Author Archives: Marcin

Categorization of Multilingual Scientific Documents by a Compound Classification System

Abstract

The aim of this study was to propose a classification method for documents that include simultaneously text parts in various languages. For this purpose, we constructed a three-leveled classification system. On its first level, a data processing module prepares a suitable vector space model. Next, in the middle tier, a set of monolingual or multilingual classifiers assigns the probabilities of belonging each document or its parts to all possible categories. The models are trained by using Multinomial Naive Bayes and Long Short-Term Memory algorithms. Finally, in the last component, a multilingual decision module assigns a target class to each document. The module is built on a logistic regression classifier, which as the inputs receives probabilities produced by the classifiers. The system has been verified experimentally. According to the reported results, it can be assumed that the proposed system can deal with textual documents which content is composed of many languages at the same time. Therefore, the system can be useful in the automatic organizing of multilingual publications or other documents.
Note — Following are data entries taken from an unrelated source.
(* Let $P$ be the Borel probability measure on $\mathbb{R}$ with density $f(x)=\frac32$ if $x\in J_1:=[0,\frac13]$, $f(x)=\frac94$ if $x\in J_2\cup J_3$ where $J_2:=[\frac23,\frac79]$ and $J_3:=[\frac89,1]$, and $f(x)=0$ otherwise. Let $n\ge3$ and let $\alpha_n$ be an optimal set of $n$-means for $P$. Then: (i) $\alpha_n\cap J_i\neq\emptyset$ for all $1\le i\le3$; (ii) $\alpha_n$ contains no point of the open intervals $(\frac13,\frac23)$ and $(\frac79,\frac89)$; (iii) for $1\le i\neq j\le3$, the Voronoi region of any point of $\alpha_n\cap J_i$ contains no point of $J_j$.
   Context: An optimal set of $n$-means for $P$ is a set $\alpha\subset\mathbb{R}$ with $\mathrm{card}(\alpha)\le n$ attaining $\inf\{\int\min_{a\in\alpha}(x-a)^2\,dP(x):\mathrm{card}(\alpha)\le n\}$. For a finite $\alpha$ and $a\in\alpha$, the Voronoi region of $a$ is $M(a|\alpha)=\{x\in\mathbb{R}:|x-a|=\min_{b\in\alpha}|x-b|\}$. *)

From Stdlib Require Import Reals Lra List.
From Coquelicot Require Import Coquelicot.
Import ListNotations.
Open Scope R_scope.

Definition dens (x : R) : R :=
  if Rle_dec 0 x then if Rle_dec x (1/3) then 3/2 else
  if Rle_dec (2/3) x then if Rle_dec x (7/9) then 9/4 else
  if Rle_dec (8/9) x then if Rle_dec x 1 then 9/4 else 0 else 0 else 0 else 0.

Definition inJ (i : nat) (x : R) : Prop :=
  match i with
  | 1%nat => 0 <= x <= 1/3
  | 2%nat => 2/3 <= x <= 7/9
  | 3%nat => 8/9 <= x <= 1
  | _ => False
  end.

(* min_{a in l} (x - a)^2, for a nonempty list l (0 for the empty list,
   which is never used since the quantized sets are required nonempty). *)
Definition mind (l : list R) (x : R) : R :=
  match l with
  | [] => 0
  | b :: l' => fold_right (fun c m => Rmin ((x - c) ^ 2) m) ((x - b) ^ 2) l'
  end.

(* Quantization error  int min_{a in l} (x-a)^2 dP(x) = int_0^1 f(x) min ... dx
   (P has density f, supported in [0,1]). *)
Definition distortion (l : list R) : R := RInt (fun x => dens x * mind l x) 0 1.

Definition optimal_n_means (n : nat) (alpha : list R) : Prop :=
  NoDup alpha /\ (1 <= length alpha <= n)%nat /\
  forall beta : list R, (1 <= length beta <= n)%nat ->
    distortion alpha <= distortion beta.

(* x lies in the Voronoi region M(a|alpha): |x-a| = min_{b in alpha} |x-b|
   (with a in alpha, this is: |x-a| <= |x-b| for all b in alpha). *)
Definition voronoi (a : R) (alpha : list R) (x : R) : Prop :=
  forall b, In b alpha -> Rabs (x - a) <= Rabs (x - b).

From Stdlib Require Import Reals Lra Lia List Classical.
From Coquelicot Require Import Coquelicot.
Import ListNotations.
Open Scope R_scope.

(* Optimality is used through two kinds of comparison.  Locally: moving one mean
   to a point that is no farther from any point of the support, and strictly
   closer to some point, lowers the distortion.  Hence all means lie in [0, 1],
   and a mean in a gap must be the strict nearest mean of points on both sides of
   the gap, which keeps every other mean far away from it.  Globally: the
   distortion of an optimal set is at most that of the three midpoints of the
   J_i (5/972), and its cost on J_2 u J_3 is at most that of any configuration
   with no more means right of 1/2.  Lower bounds for the cost of the Voronoi
   cells forced by a mean in a gap, or by an interval without a mean, contradict
   these upper bounds.  Part (iii) then follows from (i), since the mean found in
   J_j is strictly nearer to each point of J_j than any point of another J_i. *)

(** * Squared distance to the nearest mean *)

Lemma mind_cons_cons b c l x : mind (b :: c :: l) x = Rmin ((x - c) ^ 2) (mind (b :: l) x).
Proof. reflexivity. Qed.

Lemma mind_le l x c : In c l -> mind l x <= (x - c) ^ 2.
Proof.
  destruct l as [|b l]; [contradiction|].
  induction l as [|d l IH]; intros Hc.
  - destruct Hc as [->|[]]; apply Rle_refl.
  - rewrite mind_cons_cons.
    destruct Hc as [->|[->|Hc]].
    + eapply Rle_trans; [apply Rmin_r|]. apply IH; left; reflexivity.
    + apply Rmin_l.
    + eapply Rle_trans; [apply Rmin_r|]. apply IH; right; exact Hc.
Qed.

Lemma mind_attained l x : l <> [] -> exists c, In c l /\ mind l x = (x - c) ^ 2.
Proof.
  destruct l as [|b l]; [contradiction|]. intros _.
  induction l as [|d l IH].
  - exists b; split; [left|]; reflexivity.
  - destruct IH as [c [Hc E]]. rewrite mind_cons_cons, E.
    destruct (Rle_dec ((x - d) ^ 2) ((x - c) ^ 2)).
    + exists d. split; [right; left; reflexivity|]. apply Rmin_left; assumption.
    + exists c. split; [destruct Hc; [left|right; right]; assumption|].
      apply Rmin_right; lra.
Qed.

Lemma mind_glb l x g : l <> [] -> (forall c, In c l -> g <= (x - c) ^ 2) -> g <= mind l x.
Proof. intros Hl H. destruct (mind_attained l x Hl) as [c [Hc ->]]. auto. Qed.

Lemma mind_ge0 l x : 0 <= mind l x.
Proof.
  destruct l as [|b l]; [apply Rle_refl|].
  apply mind_glb; [discriminate|]. intros; apply pow2_ge_0.
Qed.

Lemma mind_pos l x : l <> [] -> ~ In x l -> 0 < mind l x.
Proof.
  intros Hl Hx. destruct (mind_attained l x Hl) as [c [Hc ->]].
  apply pow2_gt_0. intro E. apply Hx. replace x with c by lra. exact Hc.
Qed.

Lemma mind_incl l1 l2 x : l1 <> [] -> incl l1 l2 -> mind l2 x <= mind l1 x.
Proof.
  intros Hl H. destruct (mind_attained l1 x Hl) as [c [Hc ->]]. apply mind_le, H, Hc.
Qed.

Lemma continuous_Rmin (f g : R -> R) x :
  continuous f x -> continuous g x -> continuous (fun y => Rmin (f y) (g y)) x.
Proof.
  intros Hf Hg.
  apply (continuous_ext (fun y => (f y + g y - Rabs (f y - g y)) / 2)).
  { intro y. unfold Rmin, Rabs. destruct Rle_dec, Rcase_abs; lra. }
  apply (continuous_mult (K := R_AbsRing) (fun y => f y + g y - Rabs (f y - g y)) (fun _ => / 2));
    [|apply continuous_const].
  apply (continuous_minus (V := R_NormedModule) (fun y => f y + g y));
    [apply (continuous_plus (V := R_NormedModule)); assumption|].
  apply continuous_Rabs_comp, (continuous_minus (V := R_NormedModule) f g); assumption.
Qed.

Lemma continuous_sq_dist c x : continuous (fun y => (y - c) ^ 2) x.
Proof.
  apply (ex_derive_continuous (K := R_AbsRing) (V := R_NormedModule)). auto_derive. exact I.
Qed.

Lemma continuous_mind l x : continuous (mind l) x.
Proof.
  destruct l as [|b l]; [apply continuous_const|].
  induction l as [|d l IH]; [apply continuous_sq_dist|].
  apply (continuous_Rmin (fun y => (y - d) ^ 2) (mind (b :: l)));
    [apply continuous_sq_dist|exact IH].
Qed.
(* Write rho = min(eta, 1/(4 e beta)) for the learning rate of DEW, L_m(a) for the
   cumulative estimated loss of action a observed (and not skipped) by the end of
   round m, W_m = sum_a exp(-rho L_m(a)) for the potential and q_m = exp(-rho L_m)/W_m for
   the corresponding distribution; the learner plays round k+1 with q_k.

   The potential argument for exponential
   weights, performed along arrival times, bounds the estimated loss charged at
   arrival (q_{k+d_k} applied to the estimate of round k) by ln K/rho + L_M(a) plus a
   second-order term; the "drift" between q_k and q_{k+d_k} is bounded by products of
   estimates whose arrival windows overlap ([pathwise_bound]).  A stability lemma
   ([qdist_stable]) shows q_t <= e q_s (e = exp 1) whenever t - s < beta; it controls the
   diagonal second-order terms.

   Estimates are
   unbiased ([Ex_est]), each diagonal term costs at most eK/2 ([Ex_diag_term]), and
   off-diagonal pairs cost at most the indicator of overlapping windows, whose total
   is at most D_beta ([offdiag_total]).  Skipped rounds cost at most |S_beta|, and
   1/rho <= max(1/eta, 4 e beta) yields [theorem3]. *)

From Stdlib Require Import Reals.
From Stdlib Require Import Lra Lia List Arith Bool.
From Coquelicot Require Coquelicot.
Open Scope R_scope.

Lemma sumR_ext n f g : (forall i, (i < n)%nat -> f i = g i) -> sumR n f = sumR n g.
Proof.
  induction n as [|n IH]; intros H; simpl; auto.
  rewrite IH, H; auto; intros; apply H; lia.
Qed.

Lemma sumR_plus n f g : sumR n (fun i => f i + g i) = sumR n f + sumR n g.
Proof. induction n as [|n IH]; simpl; [lra|]. rewrite IH; lra. Qed.

Lemma sumR_scal n c f : sumR n (fun i => c * f i) = c * sumR n f.
Proof. induction n as [|n IH]; simpl; [lra|]. rewrite IH; lra. Qed.

Lemma sumR_le n f g : (forall i, (i < n)%nat -> f i <= g i) -> sumR n f <= sumR n g.
Proof.
  induction n as [|n IH]; intros H; simpl; [lra|].
  apply Rplus_le_compat; [apply IH; intros; apply H|apply H]; lia.
Qed.

Lemma sumR_const n c : sumR n (fun _ => c) = INR n * c.
Proof. induction n as [|n IH]; simpl sumR; [simpl; lra|]. rewrite IH, S_INR; lra. Qed.

Lemma sumR_zero n : sumR n (fun _ => 0) = 0.
Proof. rewrite sumR_const; lra. Qed.

Lemma sumR_nonneg n f : (forall i, (i < n)%nat -> 0 <= f i) -> 0 <= sumR n f.
Proof. intros H. rewrite <- (sumR_zero n). apply sumR_le; auto. Qed.

Lemma sumR_swap n m (f : nat -> nat -> R) :
  sumR n (fun i => sumR m (fun j => f i j)) = sumR m (fun j => sumR n (fun i => f i j)).
Proof.
  induction n as [|n IH]; simpl.
  - symmetry; apply sumR_zero.
  - rewrite IH, <- sumR_plus. reflexivity.
Qed.

Lemma sumR_shift n f : sumR (S n) f = f O + sumR n (fun i => f (S i)).
Proof. induction n as [|n IH]; simpl in *; [lra|]. rewrite IH; lra. Qed.

Lemma sumR_add n k f : sumR (n + k) f = sumR n f + sumR k (fun i => f (n + i)%nat).
Proof.
  induction k as [|k IH]; simpl.
  - rewrite Nat.add_0_r; lra.
  - rewrite Nat.add_succ_r; simpl. rewrite IH. lra.
Qed.

Lemma sumR_telescope n f : sumR n (fun m => f (S m) - f m) = f n - f O.
Proof. induction n as [|n IH]; simpl; [lra|]. rewrite IH; lra. Qed.

Lemma sumR_delta n i c (g : nat -> R) :
  sumR n (fun u => if (c =? i + u)%nat then g (i + u)%nat else 0)
  = if ((i <=? c) && (c <? i + n))%nat%bool then g c else 0.
Proof.
  induction n as [|n IH]; simpl.
  - destruct (i <=? c)%nat eqn:E1, (c <? i + 0)%nat eqn:E2; simpl; auto.
    apply Nat.leb_le in E1; apply Nat.ltb_lt in E2; lia.
  - rewrite IH. destruct (c =? i + n)%nat eqn:E.
    + apply Nat.eqb_eq in E; subst.
      rewrite (proj2 (Nat.leb_le i (i + n)) ltac:(lia)).
      rewrite (proj2 (Nat.ltb_ge (i + n) (i + n)) ltac:(lia)).
      rewrite (proj2 (Nat.ltb_lt (i + n) (i + S n)) ltac:(lia)). simpl; lra.
    + apply Nat.eqb_neq in E.
      destruct (i <=? c)%nat eqn:E1; simpl; [|lra].
      destruct (c <? i + n)%nat eqn:E2, (c <? i + S n)%nat eqn:E3; try lra;
        [apply Nat.ltb_lt in E2; apply Nat.ltb_ge in E3
        |apply Nat.leb_le in E1; apply Nat.ltb_ge in E2; apply Nat.ltb_lt in E3]; lia.
Qed.

Lemma sumR_delta0 n c (g : nat -> R) :
  sumR n (fun u => if (c =? u)%nat then g u else 0) = if (c <? n)%nat then g c else 0.
Proof. exact (sumR_delta n 0 c g). Qed.
Lemma matching_rate_le (R : realType) (la : 'I_4 -> R) (P1 P2 : policy R)
    d1 (O1 : measurableType d1) (Pr1 : probability O1 R) A1 C1
    d2 (O2 : measurableType d2) (Pr2 : probability O2 R) A2 C2 (i j : 'I_4) (m1 m2 : R) :
  (forall l, 0 <= la l) -> adapted P1 -> adapted P2 ->
  realizes la P1 Pr1 A1 C1 -> realizes la P2 Pr2 A2 C2 ->
  matching_rate la Pr1 A1 C1 i j m1 -> matching_rate la Pr2 A2 C2 i j m2 ->
  (forall t (a : {ffun 'I_t -> 'I_4}) c1 c2,
     0 < action_weight P1 (extend a ord0) c1 -> 0 < action_weight P2 (extend a ord0) c2 ->
     (trace_count i j (a, c1) <= trace_count i j (a, c2))%N) ->
  m1 <= m2.
Proof.
move=> la_ge0 hP1 hP2 h1 h2 hm1 hm2 n12.
pose S := \sum_(l < 4) la l; pose rate t (n : nat) := S * n%:R / t%:R.
have rate_le t : {homo rate t : m n / (m <= n)%N >-> m <= n}.
  move=> m n mn; apply: ler_wpM2r; first by rewrite invr_ge0.
  by apply: ler_wpM2l; [exact: sumr_ge0 | rewrite ler_nat].
apply: (ae_lim_le_of_dominated (f1 := fun t w => rate t (nmatch A1 C1 i j t w))
                               (f2 := fun t w => rate t (nmatch A2 C2 i j t w)) _ _ _ _ hm1 hm2).
- by move=> t x; exact: (measurable_count_event h1 i j t (fun n => x < rate t n)).
- by move=> t x; exact: (measurable_count_event h2 i j t (fun n => x < rate t n)).
- by move=> t x; exact: (measurable_count_event h2 i j t (fun n => rate t n < x)).
move=> t x; rewrite (prob_count_event h1 i j t (fun n => x < rate t n)).
rewrite (prob_count_event h2 i j t (fun n => x < rate t n)) lee_fin.
apply: (sum_trace_weight_upset_le (n := @trace_count i j t) (Q := fun n => x < rate t n)
         hP1 hP2 _ _ (n12 t)) => [l|m n].
- by rewrite /arr_prob divr_ge0 ?sumr_ge0.
- by move=> /(rate_le t) /[swap] /lt_le_trans; apply.
Qed.

Theorem lemmaC1 (R : realType) (l1 l2b l3b l4 b : R)
  (hl1 : 0 < l1) (hl2 : 0 < l2b) (hl3 : 0 < l3b) (hl4 : 0 < l4) (hb : 0 < b)
  (h14 : l1 + l4 = 2^-1) (h23 : l2b + l3b = 2^-1)
  (rk : 'I_4 -> 'I_4 -> nat) (hrk : plus_order rk)
  (Pp : policy R) (hPp : adapted Pp) (hPpe : edge_priority rk Pp)
  (Ph : policy R) (hPh : adapted Ph) (hPhg : greedy Ph)
  (d : measure_display) (Om : measurableType d) (Pr : probability Om R)
  (A : nat -> Om -> 'I_4) (C : nat -> Om -> option 'I_4)
  (hreal : realizes (lam l1 l2b l3b l4 b) Ph Pr A C)
  (d' : measure_display) (Om' : measurableType d') (Pr' : probability Om' R)
  (A' : nat -> Om' -> 'I_4) (C' : nat -> Om' -> option 'I_4)
  (hreal' : realizes (lam l1 l2b l3b l4 b) Pp Pr' A' C')
  (m12 m13 m24 m34 p12 p13 p24 p34 : R)
  (hm12 : matching_rate (lam l1 l2b l3b l4 b) Pr A C (inord 0) (inord 1) m12)
  (hm13 : matching_rate (lam l1 l2b l3b l4 b) Pr A C (inord 0) (inord 2) m13)
  (hm24 : matching_rate (lam l1 l2b l3b l4 b) Pr A C (inord 1) (inord 3) m24)
  (hm34 : matching_rate (lam l1 l2b l3b l4 b) Pr A C (inord 2) (inord 3) m34)
  (hp12 : matching_rate (lam l1 l2b l3b l4 b) Pr' A' C' (inord 0) (inord 1) p12)
  (hp13 : matching_rate (lam l1 l2b l3b l4 b) Pr' A' C' (inord 0) (inord 2) p13)
  (hp24 : matching_rate (lam l1 l2b l3b l4 b) Pr' A' C' (inord 1) (inord 3) p24)
  (hp34 : matching_rate (lam l1 l2b l3b l4 b) Pr' A' C' (inord 2) (inord 3) p34) :
  [/\ m12 <= p12, m34 <= p34, p13 <= m13 & p24 <= m24].
Proof.
(* The coupling is pathwise: of the hypotheses on the rates only their signs are used. *)
have la_ge0 l : 0 <= lam l1 l2b l3b l4 b l.
  by rewrite /lam; case: (val l) => [|[|[|[|?]]]]; rewrite ?addr_ge0 ?ltW.
have coupled := trace_coupling hPh hPhg hPp hrk hPpe.
split.
- apply: (matching_rate_le la_ge0 hPh hPp hreal hreal' hm12 hp12) => t a cg cp wg wp.
  by case: (coupled t a cg cp wg wp).
- apply: (matching_rate_le la_ge0 hPh hPp hreal hreal' hm34 hp34) => t a cg cp wg wp.
  by case: (coupled t a cg cp wg wp).
- apply: (matching_rate_le la_ge0 hPp hPh hreal' hreal hp13 hm13) => t a cp cg wp wg.
  by case: (coupled t a cg cp wg wp).
- apply: (matching_rate_le la_ge0 hPp hPh hreal' hreal hp24 hm24) => t a cp cg wp wg.
  by case: (coupled t a cg cp wg wp).
Qed.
Detection of the Innovative Logotypes on the Web Pages

Abstract

The aim of this study was to describe a found method for detection of logotypes that indicate innovativeness of companies, where the images originate from their Internet domains. For this purpose, we elaborated a system that covers a supervised and heuristic approach to construct a reference dataset for each logotype category that is utilized by the logistic regression classifiers to recognize a logotype category. We proposed the approach that uses one-versus-the-rest learning strategy to learn the logistic regression classification models to recognize the classes of the innovative logotypes. Thanks to this we can detect whether a given company’s Internet domain contains an innovative logotype or not. More- over, we find a way to construct a simple and small dimension of feature space that is utilized by the image recognition process. The proposed feature space of logotype classification models is based on the weights of images similarity and the textual data of the images that are received from HTMLs ALT tags.

A Diversified Classification Committee for Recognition of Innovative Internet Domains

Abstract

The objective of this paper was to propose a classification method of innovative domains on the Internet. The proposed approach helped to estimate whether companies are innovative or not through analyzing their web pages. A Naïve Bayes classification committee was used as the classification system of the domains. The classifiers in the committee were based concurrently on Bernoulli and Multinomial feature distribution models, which were selected depending on the diversity of input data. Moreover, the information retrieval procedures were applied to find such documents in domains that most likely indicate innovativeness. The proposed methods have been verified experimentally. The results have shown that the diversified classification committee combined with the information retrieval approach in the preprocessing phase boosts the classification quality of domains that may represent innovative companies. This approach may be applied to other classification tasks.

The hybrid decision support system for Fire Service – chosen project’s problems

Abstract

This article presents the design process of a hybrid decision support system (HSWD) for the State Fire Service (PSP). The Design for Trustworthy Software (DFTS) methodology was chosen to ensure system reliability. The paper focuses particularly on the requirements planning stage and the overall platform design. The study identifies key challenges in the early project stages, primarily stemming from methodology, environment, and user-related factors. These elements play a crucial role at the start of the design process, whereas aspects such as software, hardware, and measurement have a lesser initial impact. The authors analyze the causes of these challenges and propose solutions to address them. By outlining the lack of specific information solutions in the current State Fire Service infrastructure, this research highlights the importance of a structured approach in decision support system development. The findings contribute to the design of a robust and reliable platform that enhances decision-making in emergency response scenarios.